March 15, 2026 · Editorial Team · 8 min read · code-reviewdeveloper-toolsai-tools

AI code review has split engineering teams into two camps: those who swear by it, and those who've added another bot spamming their PRs with low-quality suggestions they have to manually dismiss.

Both camps are right about their own experiences. The difference isn't the tools, it's how the tools are configured and integrated into the actual review workflow. Used badly, AI code review adds noise. Used well, it catches real bugs, enforces standards consistently, and frees human reviewers to focus on the things that actually need human judgment.

Here's what well looks like.


The tools that matter in 2026

CodeRabbit has become the dominant AI code review tool for GitHub and GitLab. It integrates directly into the PR workflow, analyzes diffs, and posts inline comments. The key differentiator over simpler tools is that CodeRabbit understands the PR in context: it reads related files, looks at your codebase's patterns, and gives comments that are specific to your code rather than generic best-practice observations.

Pricing: $19/user/month for teams. There's a free tier with limited reviews.

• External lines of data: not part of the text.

Lemma sum_npoints_box_translates A Q (Inner Outer : {fset zpt n}) m :
  (forall z, z \in Q -> (box z m `<=` Outer)%fset) ->
  (forall y, y \in Inner -> (box y m `<=` Q)%fset) -> (Inner `<=` Outer)%fset ->
  bsize m * npoints A Inner <= \sum_(z <- Q) npoints A (box z m) <= bsize m * npoints A Outer.
Proof.
move=> QOuter InnerQ InnerOuter.
(* Each point y of Outer is counted once for every z in Q with y in box z m. *)
have -> : \sum_(z <- Q) npoints (R:=R) A (box z m) =
          \sum_(y <- Outer) ((y \in A)%:R * npoints [set` box y m] Q).
  transitivity (\sum_(z <- Q) \sum_(y <- Outer) ((y \in A)%:R * (y \in box z m)%:R : R)).
    apply: eq_big_seq => z zQ; rewrite -(big_fset_incl _ (QOuter z zQ)).
      by apply: eq_big_seq => y ->; rewrite mulr1.
    by move=> y _ /negbTE ->; rewrite mulr0.
  rewrite exchange_big; apply: eq_bigr => y _; rewrite mulr_sumr.
  by apply: eq_bigr => z _; rewrite box_sym mem_setE.
have count_le y : npoints [set` box y m] Q <= bsize m.
  rewrite npoints_card -(card_box y m) ler_nat fsubset_leq_card //.
  by apply/fsubsetP => x; rewrite !inE /= mem_setE => /andP[].
have count_eq y : y \in Inner -> npoints [set` box y m] Q = bsize m.
  move=> yInner; rewrite npoints_card -(card_box y m); congr (_%:R); congr (#|` _|).
  apply/fsetP => x; rewrite !inE /= mem_setE; apply/andP/idP => [[]//|xb].
  by rewrite xb (fsubsetP (InnerQ y yInner)).
apply/andP; split.
  rewrite (big_fset_subD _ InnerOuter) /npoints mulr_sumr.
  rewrite (eq_big_seq (fun y => (y \in A)%:R * npoints [set` box y m] Q)); last first.
    by move=> y yInner; rewrite count_eq // mulrC.
  by rewrite lerDl; apply: sumr_ge0 => y _; rewrite mulr_ge0 ?npoints_ge0.
rewrite /npoints mulr_sumr; apply: ler_sum => y _; rewrite mulrC.
by apply: ler_wpM2r; [case: (y \in A) | exact: count_le].
Qed.

Lemma box_subset_origin {m m'} : (m <= m')%N -> (box (zorigin n) m `<=` box (zorigin n) m')%fset.
Proof. by move=> mm'; apply: box_subset => i; rewrite ffunE subrr normr0 add0r lez_nat. Qed.

Definition box_recurrent A (d : R) (M s : nat) := forall m z, (M <= m)%N ->
  exists2 w : zpt n, (forall i, `|w i| < s%:Z) &
    `|npoints A (box z m) - npoints A (box w m)| <= d * bsize m.
Lemma window_start_leq x : 0 < x -> window_start x <= x.
Proof.
move=> x_gt0; have := bin_gt0 x_gt0; have := bin_leq x (bin b x).-1.
have : b * (bin b x - s.+1) <= b * (bin b x).-1 by rewrite leq_mul2l; lia.
by rewrite /window_start; lia.
Qed.

Lemma window_start_block k r : r < b -> window_start (b * k + 1 + r) = b * (k - s) + 1.
Proof. by move=> lt_rb; rewrite /window_start bin_block. Qed.

Definition below i L := all (fun l => l < i) L.

Lemma below_trans i j L : i <= j -> below i L -> below j L.
Proof. by move=> le_ij; apply: sub_all => l /leq_trans; apply. Qed.

Lemma legalb_cons x L : legalb (x :: L) = [&& 0 < x, legalb L & below (window_start x) L].
Proof.
rewrite /legalb /= (path_sortedE far_trans).
have [x_gt0 | _] := ltnP 0 x; last by rewrite !andbF.
have [L_pos | _] := boolP (all (fun l => 0 < l) L); last by rewrite !andbF.
have -> : all (far x) L = below (window_start x) L.
  by apply: eq_in_all => l l_in; rewrite ltn_window_start //; apply: (allP L_pos).
by rewrite !andbT andbC.
Qed.

Lemma legalb_consP x L :
  reflect [/\ 0 < x, legalb L & below (window_start x) L] (legalb (x :: L)).
Proof. by rewrite legalb_cons; apply: and3P. Qed.

Lemma below_cons x L : legalb (x :: L) -> below x.+1 (x :: L).
Proof.
case/legalb_consP=> x_gt0 _ L_below; rewrite /below /= ltnSn.
by apply: below_trans L_below; have := window_start_leq x_gt0; lia.
Qed.

Variable a : nat -> nat.

Definition sum_a L := \sum_(l <- L) a l.

Lemma sum_a_nil : sum_a [::] = 0.
Proof. exact: big_nil. Qed.

Lemma sum_a_cons x L : sum_a (x :: L) = a x + sum_a L.
Proof. exact: big_cons. Qed.

Hypothesis a_gen : is_generacci s b a.

Lemma gen_lt i j : 0 < i -> i < j -> a i < a j.
Proof. by case: a_gen => a_incr _; apply: a_incr. Qed.

Lemma gen_leq i j : 0 < i -> i <= j -> a i <= a j.
Proof. by move=> i_gt0; rewrite leq_eqVlt => /predU1P [-> // | /(gen_lt i_gt0) /ltnW]. Qed.

Lemma gen_gt0 i : 0 < i -> 0 < a i.
Proof. by case: a_gen => _ a_min i_gt0; case: (a_min i i_gt0). Qed.

Lemma decomposable_belowP i m : decomposable_below s b a i m <->
  exists L, [/\ legalb L, below i L & sum_a L = m].
Proof.
split; first by move=> [L [[/legalP L_legal L_sum] L_below]]; exists L; split.
by move=> [L [L_legal L_below L_sum]]; exists L; split=> //; split=> //; apply/legalP.
Qed.

Lemma gen_undecomposable i : 0 < i ->
  ~ exists L, [/\ legalb L, below i L & sum_a L = a i].
Proof. by case: a_gen => _ a_min i_gt0; case: (a_min i i_gt0) => _ /decomposable_belowP. Qed.

Lemma gen_decomposable i m : 0 < i -> 0 < m < a i ->
  exists L, [/\ legalb L, below i L & sum_a L = m].
Proof. by case: a_gen => _ a_min i_gt0 m_bd; case: (a_min i i_gt0) => _ _ /(_ m m_bd)/decomposable_belowP. Qed.

Lemma gen1 : a 1 = 1.
Proof.
have a1_gt0 := gen_gt0 (ltnSn 0).
have [lt_1a1 | ] := ltnP 1 (a 1); last by lia.
have [[|x L] [L_legal L_below L_sum]] := gen_decomposable (ltnSn 0) (m := 1) lt_1a1.
  by rewrite sum_a_nil in L_sum.
by move: L_legal L_below => /legalb_consP [x_gt0 _ _] /andP []; lia.
Qed.

(* [gen_rec] below is proved by strong induction on [i]; [rec_upto i] is the
   induction hypothesis, under which the next two lemmas hold below [i]. *)
Definition rec_upto i := forall j, 0 < j < i -> a j.+1 = a j + a (window_start j).

Lemma rec_upto_window_start i : 0 < i -> rec_upto i -> rec_upto (window_start i).
Proof. by move=> i_gt0 a_rec j j_bd; apply: a_rec; have := window_start_leq i_gt0; lia. Qed.

Lemma legal_sum_lt_rec i : 0 < i -> rec_upto i ->
  forall L, legalb L -> below i L -> sum_a L < a i.
Proof.
elim/ltn_ind: i => i IH i_gt0 a_rec [|x L]; first by rewrite sum_a_nil gen_gt0.
move=> /legalb_consP [x_gt0 L_legal L_below] /andP [lt_xi _].
have le_tx := window_start_leq x_gt0.
have : sum_a L < a (window_start x).
  apply: IH => //; [lia | exact: window_start_gt0 | move=> j j_bd; apply: a_rec; lia].
have := a_rec x (ltac:(lia)); have := gen_leq (ltn0Sn x) lt_xi.
by rewrite sum_a_cons; lia.
Qed.

Lemma legal_decomp_rec i : 0 < i -> rec_upto i ->
  forall m, m < a i -> exists L, [/\ legalb L, below i L & sum_a L = m].
Proof.
elim/ltn_ind: i => -[// | [|j]] IH _ a_rec m lt_ma.
  by exists [::]; split=> //; move: lt_ma; rewrite gen1 sum_a_nil; lia.
rewrite (a_rec j.+1) ?ltnSn // in lt_ma.
have [lt_maj | le_ajm] := ltnP m (a j.+1).
  have [L [L_legal L_below L_sum]] :=
    IH j.+1 (ltnSn _) (ltn0Sn _) (fun k k_bd => a_rec k ltac:(lia)) m lt_maj.
  by exists L; split=> //; apply: below_trans L_below.
have le_tj := window_start_leq (ltn0Sn j).
have [L [L_legal L_below L_sum]] := IH (window_start j.+1) ltac:(lia) (window_start_gt0 _)
  (fun k k_bd => a_rec k ltac:(lia)) (m - a j.+1) ltac:(lia).
have jL_legal : legalb (j.+1 :: L) by apply/legalb_consP.
by exists (j.+1 :: L); split; [ | exact: below_cons | rewrite sum_a_cons L_sum; lia].
Qed.

(* Otherwise [a_i + a_t] would have a legal decomposition below [i+1], but
   all such sums are smaller than [a_i + a_t]. *)
Lemma gen_succ_leq i : 0 < i -> rec_upto i -> a i.+1 <= a i + a (window_start i).
Proof.
move=> i_gt0 a_rec; rewrite leqNgt; apply/negP => lt_sum.
have a_pos := gen_gt0 i_gt0.
have [[|x L] [L_legal L_below L_sum]] :=
  gen_decomposable (ltn0Sn i) (m := a i + a (window_start i)) ltac:(lia).
  by move: L_sum; rewrite sum_a_nil; lia.
move: (L_legal) L_below L_sum => /legalb_consP [x_gt0 L'_legal L'_below] /andP [le_xi _].
rewrite sum_a_cons; have [lt_xi | ge_xi] := ltnP x i.
  have := legal_sum_lt_rec i_gt0 a_rec L_legal (below_trans lt_xi (below_cons L_legal)).
  by rewrite sum_a_cons; lia.
have eq_xi : x = i by lia.
subst x; have t_gt0 := window_start_gt0 i.
by have := legal_sum_lt_rec t_gt0 (rec_upto_window_start i_gt0 a_rec) L'_legal L'_below; lia.
Qed.

(* Otherwise [i] followed by a decomposition of [a_{i+1} - a_i < a_t] would
   decompose [a_{i+1}] below [i+1]. *)
Lemma gen_succ_geq i : 0 < i -> rec_upto i -> a i + a (window_start i) <= a i.+1.
Proof.
move=> i_gt0 a_rec; rewrite leqNgt; apply/negP => lt_rec.
apply: (gen_undecomposable (ltn0Sn i)).
have [lt_a | le_a] := ltnP (a i.+1) (a i).
  have [L [? L_below ?]] := legal_decomp_rec i_gt0 a_rec lt_a.
  by exists L; split=> //; apply: below_trans L_below.
have [L [L_legal L_below L_sum]] := legal_decomp_rec (window_start_gt0 i)
  (rec_upto_window_start i_gt0 a_rec) (m := a i.+1 - a i) ltac:(lia).
have iL_legal : legalb (i :: L) by apply/legalb_consP.
by exists (i :: L); split; [ | exact: below_cons | rewrite sum_a_cons L_sum; lia].
Qed.
(* Let $X,X_1$ be i.i.d. positive random variables with $\mathbb{E}X=1$, let $p\ge2$ be an integer and let $1<\alpha\le p+2$. Suppose $\mathbb{P}\{X\ge x\}=O(x^{-p-\alpha})$ as $x\to\infty$. Then, as $n\to\infty$, $$\mathbb{E}\frac{X_1^{2p}}{\left(\frac1nX_1+1\right)^{p+1}}=O(n^{p-\alpha+2})$$ and $$\mathbb{E}\frac{X_1^{2p}}{\left(\frac1nX_1+1\right)^{p+1}}X_1^2=O(n^{p-\alpha+2}\log n).$$ *)

From HB Require Import structures.
From mathcomp Require Import all_boot all_order all_algebra.
From mathcomp Require Import all_classical all_reals all_analysis.

From HB Require Import structures.
From mathcomp Require Import all_boot all_order all_algebra.
From mathcomp Require Import all_classical all_reals all_analysis.
From mathcomp Require Import measurable_realfun.
From mathcomp Require Import ring lra.
Import numFieldNormedType.Exports.
Import Order.TTheory GRing.Theory Num.Theory.
Local Open Scope classical_set_scope.
Local Open Scope ring_scope.

(* Cutting the range of X into dyadic layers [2^k, 2^(k+1)) gives, for any
   nondecreasing h >= 0, E h(X) <= h(2^K) + sum_(k >= K) h(2^(k+1)) P(X >= 2^k).
   The integrands are h(y) = y^b / (y/n + 1)^m with m = p + 1 and b = 2p or
   b = 2p + 2; interpolating between y^b (for y <= n) and n^m y^(b-m) (for y >= n)
   gives h(y) <= n^(b-s) y^s for every s in [b-m, b]. Against the tail
   P(X >= 2^k) = O(2^(-k(p+alpha))) the series is then geometric of ratio
   2^(s-p-alpha). For the first moment take s = p + alpha - 2; for the second take
   s = p + alpha - 1/ln n, which costs only the constant n^(1/ln n) = e while the
   geometric sum grows like ln n. *)

Lemma lt_pow2_truncn {R : realType} (x : R) : x < 2 ^+ Num.truncn x.
Proof.
apply: (lt_le_trans (truncnS_gt x)).
by rewrite -natrX ler_nat ltn_expl.
Qed.

Lemma dyadic_bracket {R : realType} (x : R) (K : nat) : 2 ^+ K <= x ->
  exists2 j : nat, (K <= j)%N & 2 ^+ j <= x < 2 ^+ j.+1.
Proof.
move=> Kx.
have [m x_lt mmin] := ex_minnP (ex_intro (fun m => x < 2 ^+ m) _ (lt_pow2_truncn x)).
have K_lt_m : (K < m)%N.
  rewrite ltnNge; apply/negP => mK.
  have : (2 : R) ^+ m <= 2 ^+ K by rewrite ler_eXn2l // ltr1n.
  by move=> /le_trans/(_ Kx); rewrite leNgt x_lt.
case: m x_lt mmin K_lt_m => // j xj jmin Kj.
exists j => //; rewrite xj andbT leNgt; apply/negP => /jmin.
by rewrite ltnn.
Qed.

Lemma gt0_powRD {R : realType} (x r s : R) :
  0 < x -> x `^ (r + s) = x `^ r * x `^ s.
Proof. by move=> x_gt0; rewrite powRD // (gt_eqF x_gt0) implybT. Qed.

Lemma powR_exprn {R : realType} (a s : R) k :
  0 <= a -> (a ^+ k) `^ s = (a `^ s) ^+ k.
Proof. by move=> a_ge0; rewrite -powR_mulrn // powRAC powR_mulrn // powR_ge0. Qed.

Section dyadic_layers.
Context {d} {T : measurableType d} {R : realType} (P : probability T R).
Context {X : T -> R}.
Hypotheses (mX : measurable_fun setT X) (X_gt0 : forall w, 0 < X w).
Variables (h : R -> R) (K : nat).
Hypotheses (h_ge0 : forall x, 0 < x -> 0 <= h x)
  (h_homo : forall x y, 0 < x -> x <= y -> h x <= h y).

Let level k := [set w | (2 : R) ^+ k <= X w].

Let measurable_level k : measurable (level k).
Proof.
have -> : level k = X @^-1` `[(2 : R) ^+ k, +oo[%classic.
  by apply/seteqP; split => w /=; rewrite in_itv /= andbT.
by rewrite -[X @^-1` _]setTI; apply: mX => //; exact: measurable_itv.
Qed.

Let weight k := if (K <= k)%N then h (2 ^+ k.+1) else 0.

Let weight_ge0 k : 0 <= weight k.
Proof. by rewrite /weight; case: ifP => // _; apply/h_ge0/exprn_gt0. Qed.

Let layer k w : \bar R := ((weight k)%:E * (\1_(level k) w)%:E)%E.

Let layer_ge0 k w : (0 <= layer k w)%E.
Proof. by rewrite mule_ge0 // lee_fin. Qed.

Let measurable_layer k : measurable_fun setT (layer k).
Proof.
apply: emeasurable_funM; first exact: measurable_cst.
exact/measurable_EFinP/measurable_indic.
Qed.

(* If 2^j <= X w < 2^(j+1) with j >= K, the j-th layer alone dominates h (X w). *)
Let le_dyadic_layers w :
  ((h (X w))%:E <= (h (2 ^+ K))%:E + \sum_(k <oo) layer k w)%E.
Proof.
have hK_ge0 : 0 <= h (2 ^+ K) by apply/h_ge0/exprn_gt0.
have [XK|KX] := ltP (X w) (2 ^+ K).
  apply: lee_paddr; first exact: nneseries_ge0.
  by rewrite lee_fin h_homo // ltW.
apply: lee_paddl; first by rewrite lee_fin.
have [j Kj /andP[jX Xj]] := dyadic_bracket _ _ KX.
apply: le_trans (nneseries_lim_ge j.+1 (fun k _ _ => layer_ge0 k w)).
rewrite big_nat_recr //=; apply: lee_paddl; first exact: sume_ge0.
rewrite /layer /weight Kj indicE mem_set // mule1 lee_fin.
by rewrite h_homo // ltW.
Qed.

Lemma integral_le_dyadic_geometric (D r : R) :
  measurable_fun setT (h \o X) -> 0 <= D -> 0 < r < 1 ->
  (forall k, (K <= k)%N ->
     ((h (2 ^+ k.+1))%:E * P [set w | (2 ^+ k <= X w)%R] <= (D * r ^+ k)%:E)%E) ->
  (\int[P]_w (h (X w))%:E <= (h (2 ^+ K) + D / (1 - r))%:E)%E.
Proof.
move=> mh D_ge0 /andP[r_gt0 r_lt1] layer_le.
have hK_ge0 : 0 <= h (2 ^+ K) by apply/h_ge0/exprn_gt0.
have msum : measurable_fun setT (fun w => \sum_(k <oo) layer k w)%E.
  exact: ge0_emeasurable_sum (fun k x _ _ => layer_ge0 k x)
                             (fun k _ => measurable_layer k).
apply: le_trans (_ : \int[P]_w ((h (2 ^+ K))%:E + \sum_(k <oo) layer k w)
                     <= _)%E.
  apply: ge0_le_integral => //.
  - by move=> w _; rewrite lee_fin h_ge0.
  - exact/measurable_EFinP.
  - exact/emeasurable_funD.
rewrite ge0_integralD //; last by move=> w _; exact: nneseries_ge0.
rewrite integral_cst // integral_nneseries // EFinD; apply: leeD.
  rewrite -[leRHS]mule1 lee_wpmul2l ?lee_fin //; exact: probability_le1.
apply: (@le_trans _ _ (\sum_(k <oo) (D * r ^+ k)%:E)%E).
  apply: lee_nneseries => [k _ _ | k _]; first exact: integral_ge0.
  rewrite ge0_integralZl_EFin //; last exact/measurable_EFinP/measurable_indic.
  rewrite integral_indic // setIT /weight.
  case: ifP => Kk; first exact: layer_le.
  by rewrite mul0e lee_fin mulr_ge0 // exprn_ge0 // ltW.
apply: lime_le.
  by apply: is_cvg_nneseries => k _ _; rewrite lee_fin mulr_ge0 // exprn_ge0 // ltW.
apply: nearW => n; rewrite sumEFin lee_fin.
have r_norm : `|r| < 1 by rewrite ger0_norm // ltW.
by have := geometric_le_lim n D_ge0 r_gt0 r_norm; rewrite /series.
Qed.

Lemma integral_le_powR_tail (q C M s : R) :
  measurable_fun setT (h \o X) -> 0 <= C -> 0 <= M -> s < q ->
  (forall k, (K <= k)%N ->
     (P [set w | (2 ^+ k <= X w)%R] <= (C * (2 `^ (- q)) ^+ k)%:E)%E) ->
  (forall y, 0 < y -> h y <= M * y `^ s) ->
  (\int[P]_w (h (X w))%:E
     <= (h (2 ^+ K) + M * C * 2 `^ s / (1 - 2 `^ (s - q)))%:E)%E.
Proof.
move=> mh C_ge0 M_ge0 s_lt_q tail h_le.
have ratio_gt0 : 0 < 2 `^ (s - q) by rewrite powR_gt0.
have ratio_lt1 : 2 `^ (s - q) < 1.
  by rewrite /powR gt_eqF // expR_lt1 pmulr_llt0 ?subr_lt0 // ln_gt0 // ltr1n.
apply: integral_le_dyadic_geometric => //.
- by rewrite !mulr_ge0 // powR_ge0.
- by rewrite ratio_gt0.
move=> k Kk.
apply: le_trans (_ : (h (2 ^+ k.+1))%:E * (C * (2 `^ (- q)) ^+ k)%:E <= _)%E.
  by rewrite lee_wpmul2l ?tail // lee_fin h_ge0 // exprn_gt0.
rewrite -EFinM lee_fin.
apply: le_trans (_ : M * (2 ^+ k.+1) `^ s * (C * 2 `^ (- q) ^+ k) <= _).
  by rewrite ler_wpM2r ?h_le ?exprn_gt0 // mulr_ge0 // exprn_ge0 // powR_ge0.
rewrite powR_exprn // gt0_powRD // exprMn exprS.
by rewrite le_eqVlt; apply/orP; left; apply/eqP; ring.
Qed.
(* Let $k\ge 2$ and let $H$ be a hypergraph on vertex set $V$ with $R(H)=\{1,k\}$ whose $1$-edges are exactly all singletons $\{v\}$, $v\in V$, and let $H^k$ denote the $k$-uniform hypergraph of $k$-edges of $H$. Then \[\pi(H)=\begin{cases}1+\pi(H^k) & \text{if } \pi(H^k)\ge 1-\frac1k,\\[2pt] 1+\left(\frac{1}{k(1-\pi(H^k))}\right)^{1/(k-1)}\left(1-\frac1k\right) & \text{otherwise.}\end{cases}\]
   Context: A hypergraph $H=(V,E)$ has finite vertex set $V$ and edge set $E\subseteq 2^V$; $R(H)=\{|F|:F\in E\}$. $H_1\subseteq H_2$ means there is an injective $f\colon V(H_1)\to V(H_2)$ with $f(F)\in E(H_2)$ for all $F\in E(H_1)$. For $G$ on $n$ vertices, $h_n(G)=\sum_{F\in E(G)}1/\binom{n}{|F|}$; $\pi_n(H)=\max\{h_n(G): G\text{ on } n \text{ vertices}, R(G)\subseteq R(H), H\not\subseteq G\}$ and $\pi(H)=\lim_n\pi_n(H)$. For a $k$-uniform hypergraph this $\pi$ is the usual Turán density $\lim_n \mathrm{ex}(n,H^k)/\binom nk$. *)

From HB Require Import structures.
From mathcomp Require Import all_boot all_order all_algebra.
From mathcomp Require Import all_classical all_reals all_analysis.
Set Implicit Arguments. Unset Strict Implicit. Unset Printing Implicit Defensive.
Import Order.TTheory GRing.Theory Num.Theory.
Local Open Scope ring_scope.
(* Let $k\ge2$ and $1\le n\le \ell$. Then $D_k(\ell)\le D_k(n)\,k^{\ell-n}$.
   Context: Labeled chip-firing on the infinite rooted directed $k$-ary tree (each vertex has $k$ children ordered left to right, root on layer $1$): a vertex with at least $k$ chips may fire by choosing any $k$ of its chips and sending the $i$-th smallest label among them to its $i$-th leftmost child; a configuration is stable when no vertex has $\ge k$ chips. Starting with $k^\ell$ chips labeled $1,\dots,k^\ell$ at the root, every stable configuration has exactly one chip on each vertex of layer $\ell+1$ and none elsewhere, and is identified with the permutation of labels read left to right on layer $\ell+1$. $D_k(\ell)$ denotes the maximum, over all reachable stable configurations, of the length of the longest strictly decreasing subsequence of the corresponding permutation. *)

From mathcomp Require Import all_boot.
From mathcomp Require Import boolp.
Set Implicit Arguments. Unset Strict Implicit. Unset Printing Implicit Defensive.

(* Vertices of the infinite rooted k-ary tree are encoded by the path from the
   root: a sequence of child indices (0-based, 0 = leftmost).  The root is
   [::] (layer 1); a vertex w lies on layer (size w).+1.  Sequences containing
   an entry >= k are not tree vertices; they never receive chips. *)
Definition vertex := seq nat.
Lemma Jmap_natural f1 f2 f3 : is_smor d f1 -> is_smor d f2 -> is_smor d f3 ->
  s_comp (Fmor d mu1 f1 f2 f3) (Jmap d mu2 (s_tgt d f1) (s_tgt d f2) (s_tgt d f3)) =
  s_comp (Jmap d mu2 (s_src f1) (s_src f2) (s_src f3)) (Gmor d mu1 f1 f2 f3).
Proof.
move=> h1 h2 h3; congr (_, _).
  have -> : (Fmor d mu1 f1 f2 f3).1 = (Gmor d mu1 f1 f2 f3).1 by exact: gl_brm_jacobi.
  rewrite /gl_comp /gl_id addr0 add0r; congr (_, _).
  by rewrite /= gl_br_jacobi.
change (v_comp (act1 d (mu1 (gl_brm d f1.1 f2.1)) f3.2)
          (act1 d (mu2 (gl_tgt d f1.1) (gl_tgt d f2.1)) (v_id n1 (f3.2.1 + d *m f3.2.2))) =
        v_comp (act1 d (mu2 f1.1.1 f2.1.1) (v_id n1 f3.2.1))
          (act1 d (mu1 f1.1) (act1 d (mu1 f2.1) f3.2) -
           act1 d (mu1 f2.1) (act1 d (mu1 f1.1) f3.2))).
(* Each side is the action of one of the two equal composites in the naturality
   square of mu2. *)
rewrite -act1_brm; try exact: mu1_glmor.
have lhs_composable : gl_tgt d (mu1 (gl_brm d f1.1 f2.1)) =
          gl_src (mu2 (gl_tgt d f1.1) (gl_tgt d f2.1)).
  rewrite mu1_tgt ?gl_tgt_brm ?mu2_src //; [exact: End0d_tgt.. | exact: End0d_br].
have rhs_composable : gl_tgt d (mu2 f1.1.1 f2.1.1) = gl_src (gl_brm d (mu1 f1.1) (mu1 f2.1)).
  by rewrite mu2_tgt // /gl_src /= -!mu1_src.
rewrite -act1_comp // v_comp_idr -act1_comp ?v_comp_idl /= ?mulmx0 ?addr0 //.
by rewrite mu2_natural.
Qed.

End TwistedJacobiator.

Greptile takes a different approach. Rather than reviewing the diff in isolation, Greptile indexes your entire codebase and uses that knowledge when reviewing. This makes it significantly better at catching issues that require understanding how the changed code interacts with code that wasn't changed. "This new function will conflict with the existing handlePayment function in /lib/payments.ts" is the kind of comment only possible with full codebase context.

Pricing: $30/user/month for the team plan.

Diamond (by Squire) focuses on security and correctness over style. It's particularly good at finding security vulnerabilities, injection risks, authentication bypass patterns, and logic errors that could cause incorrect behavior in edge cases. It's not trying to replace your entire review; it's specifically targeting the class of bugs that are most expensive to miss.

GitHub Copilot PR Review (built into GitHub for Copilot Business subscribers) is the lowest-friction option if your organization is already paying for Copilot. The quality is lower than CodeRabbit or Greptile for most codebases, but it's free within the subscription and requires zero configuration.


What AI code review actually catches

This is the most important thing to understand before integrating any of these tools. AI code review is good at some things and bad at others. Configuring your expectations around what it can and can't do is what separates productive use from frustration.

AI review is good at:

Syntax errors and obvious bugs that a compiler or linter might miss. Not every project has strict linting, and even well-configured linters don't catch logical errors.

Missing error handling. "This database call can throw but you're not catching the exception" is exactly the kind of thing AI reviewers catch reliably. It's pattern-based and doesn't require deep business logic understanding.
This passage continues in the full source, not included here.